Lemma eo_exp_inj : injective (fun j : 'I_m => eo_exp j).
Proof.
move=> j k /=; rewrite /eo_exp => eq_jk; apply/val_inj => /=.
by move: eq_jk; case: ifP => ?; case: ifP => ?; rewrite -!addnn; lia.
Qed.

Definition trace_even_mx : 'M[F]_d := \matrix_(p, q) trace_alg (y ^+ (p.*2 + q.*2)).
Definition trace_odd_mx : 'M[F]_d := \matrix_(p, q) trace_alg (y ^+ (p.*2.+1 + q.*2.+1)).

Lemma trace_form_eo_block :
  castmx (dim_S, dim_S) (trace_form (fun j => y ^+ eo_exp j)) =
  block_mx trace_even_mx 0 0 trace_odd_mx.
Proof.
apply/matrixP => i j; rewrite castmxE /trace_form mxE -exprD.
rewrite -[i]splitK -[j]splitK; case: (split i) => p; case: (split j) => q.
all: rewrite /= ?(block_mxEul, block_mxEur, block_mxEdl, block_mxEdr) !mxE /eo_exp /=.
all: rewrite ?ltn_ord ?[(_ + _ < _)%N]ltnNge ?leq_addr ?addKn //=.
all: by apply: trace_alg_odd; rewrite oddD /= !odd_double.
Qed.

Lemma y_expd2 : y ^+ d.*2 = - \sum_(l < d) f`_l *: y ^+ l.*2.
Proof.
have : aeval f (y ^+ 2) = 0 by rewrite -aevalXn -aeval_comp; apply/ker_y.
rewrite (aeval_wide (N := d.+1)); last by rewrite prednK // size_poly_gt0 monic_neq0.
rewrite big_ord_recr /= (_ : f`_d = 1); last by move/monicP: f_monic; rewrite lead_coefE.
rewrite scale1r addrC => /eqP; rewrite addr_eq0 => /eqP.
rewrite -exprM mul2n => ->; congr (- _); apply: eq_bigr => l _.
by rewrite -exprM mul2n.
Qed.

Lemma trace_odd_mxE : trace_odd_mx = companionmx f *m trace_even_mx.
Proof.
apply/matrixP => p q; rewrite !mxE.
under eq_bigr do rewrite [companionmx _ _ _]mxE [trace_even_mx _ _]mxE.
have [p_last | p_not_last] := eqVneq (p : nat) d.-1.
  rewrite -trace_alg_sum; congr trace_alg.
  have -> : (p.*2.+1 + q.*2.+1 = d.*2 + q.*2)%N.
    by have := ltn_ord p; rewrite p_last -!addnn; lia.
  rewrite exprD y_expd2 mulNr mulr_suml -sumrN; apply: eq_bigr => l _.
  by rewrite -scalerAl -exprD scaleNr.
have lt_p1_d : (p.+1 < d)%N by move: p_not_last (ltn_ord p); lia.
rewrite (bigD1 (Ordinal lt_p1_d)) //= eqxx mul1r big1 ?addr0.
  by congr (trace_alg (y ^+ _)); rewrite -!addnn; lia.
move=> l neq_l; rewrite (_ : (p.+1 == l) = false) ?mul0r //.
by apply: contraNF neq_l => /eqP eq_l; apply/eqP/val_inj.
Qed.

(* In the basis y^(eo_exp j) the trace form is diag(A, C A), C the companion matrix
   of f, so disc(S) q^2 = det(A)^2 (-1)^d f(0), q the change-of-basis determinant. *)
Lemma trivial_discriminant_quotient :
  trivial_discriminant S <-> exists c, (-1) ^+ d * f`_0 = c ^+ 2.
Proof.
pose q := \det (coord_mx (fun j => y ^+ eo_exp j)).
have q_neq0 : q != 0.
  exact: det_coord_mx_neq0 (powers_free_family y_powers_free eo_exp_inj eo_exp_lt).
have disc_neq0 := trace_disc_neq0.
have disc_q : trace_disc S * q ^+ 2 = \det trace_even_mx ^+ 2 * ((-1) ^+ d * f`_0).
  rewrite -det_trace_form -(det_castmx dim_S) trace_form_eo_block det_ublock.
  by rewrite trace_odd_mxE det_mulmx det_companionmx // mulrCA -expr2 mulrC.
have detA_neq0 : \det trace_even_mx != 0.
  apply: contra_neq (mulf_neq0 disc_neq0 (expf_neq0 2 q_neq0)) => detA0.
  by rewrite disc_q detA0 expr0n mul0r.
split => [[c disc_c] | [c fc]].
  exists (c * q / \det trace_even_mx); rewrite expr_div_n exprMn -disc_c disc_q.
  by rewrite mulrAC divff ?mul1r // expf_neq0.
exists (\det trace_even_mx * c / q); apply: (mulIf (expf_neq0 2 q_neq0)).
by rewrite disc_q expr_div_n exprMn fc divfK // expf_neq0.
Qed.

End DiscriminantOfQuotient.

Section Involution.
Variable sigma : 'AEnd(S).
Hypothesis sigmaK : forall s, sigma (sigma s) = s.
Hypothesis two_neq0 : (2%:R : F) != 0.

Lemma half_double (s : S) : (2%:R : F)^-1 *: (s + s) = s.
Proof. by rewrite -mulr2n -scaler_nat scalerA mulVf // scale1r. Qed.

Definition fix_part s := (2%:R : F)^-1 *: (s + sigma s).
Definition anti_part s := (2%:R : F)^-1 *: (s - sigma s).

Lemma fix_partE s : sigma (fix_part s) = fix_part s.
Proof. by rewrite /fix_part linearZ /= linearD /= sigmaK addrC. Qed.

Lemma anti_partE s : sigma (anti_part s) = - anti_part s.
Proof. by rewrite /anti_part linearZ /= linearB /= sigmaK -scalerN opprB. Qed.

● **What to do**
Beginning with the line that has "by rewrite -scalerAl -exprD scaleNr." and ending with the line that has "(* In the basis", set down the lines above exactly and include no others.

● **Expected answer**
  by rewrite -scalerAl -exprD scaleNr.
have lt_p1_d : (p.+1 < d)%N by move: p_not_last (ltn_ord p); lia.
rewrite (bigD1 (Ordinal lt_p1_d)) //= eqxx mul1r big1 ?addr0.
  by congr (trace_alg (y ^+ _)); rewrite -!addnn; lia.
move=> l neq_l; rewrite (_ : (p.+1 == l) = false) ?mul0r //.
by apply: contraNF neq_l => /eqP eq_l; apply/eqP/val_inj.
Qed.

(* In the basis y^(eo_exp j) the trace form is diag(A, C A), C the companion matrix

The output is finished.